→ **THE PROBLEM**: Reproduce every line in the material below that holds "then".

[[ SOURCE INFORMATION open ]]

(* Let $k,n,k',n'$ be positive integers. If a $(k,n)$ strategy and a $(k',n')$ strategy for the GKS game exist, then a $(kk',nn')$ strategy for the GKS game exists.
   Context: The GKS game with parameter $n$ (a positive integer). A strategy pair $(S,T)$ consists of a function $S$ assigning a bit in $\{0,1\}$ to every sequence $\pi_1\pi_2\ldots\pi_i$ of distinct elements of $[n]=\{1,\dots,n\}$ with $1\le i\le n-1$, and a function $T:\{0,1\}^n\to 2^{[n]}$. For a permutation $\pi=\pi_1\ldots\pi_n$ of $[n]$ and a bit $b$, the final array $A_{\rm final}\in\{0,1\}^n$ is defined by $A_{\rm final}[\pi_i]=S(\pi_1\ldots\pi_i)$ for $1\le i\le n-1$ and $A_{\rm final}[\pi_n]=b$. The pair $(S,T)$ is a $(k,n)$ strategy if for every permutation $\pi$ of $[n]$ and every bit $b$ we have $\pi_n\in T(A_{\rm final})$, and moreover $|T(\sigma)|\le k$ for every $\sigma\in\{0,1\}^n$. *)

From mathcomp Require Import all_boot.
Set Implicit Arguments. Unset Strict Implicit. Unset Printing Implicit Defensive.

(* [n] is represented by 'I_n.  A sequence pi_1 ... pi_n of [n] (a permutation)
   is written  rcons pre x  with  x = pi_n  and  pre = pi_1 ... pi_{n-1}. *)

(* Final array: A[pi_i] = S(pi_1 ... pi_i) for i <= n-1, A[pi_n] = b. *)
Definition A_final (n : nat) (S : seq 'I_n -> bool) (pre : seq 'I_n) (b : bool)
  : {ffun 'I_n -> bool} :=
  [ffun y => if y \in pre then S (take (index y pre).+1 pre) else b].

[[ SOURCE INFORMATION closed ]]

→ **EXERCISE RESPONSE**:
(* Let $k,n,k',n'$ be positive integers. If a $(k,n)$ strategy and a $(k',n')$ strategy for the GKS game exist, then a $(kk',nn')$ strategy for the GKS game exists.
  [ffun y => if y \in pre then S (take (index y pre).+1 pre) else b].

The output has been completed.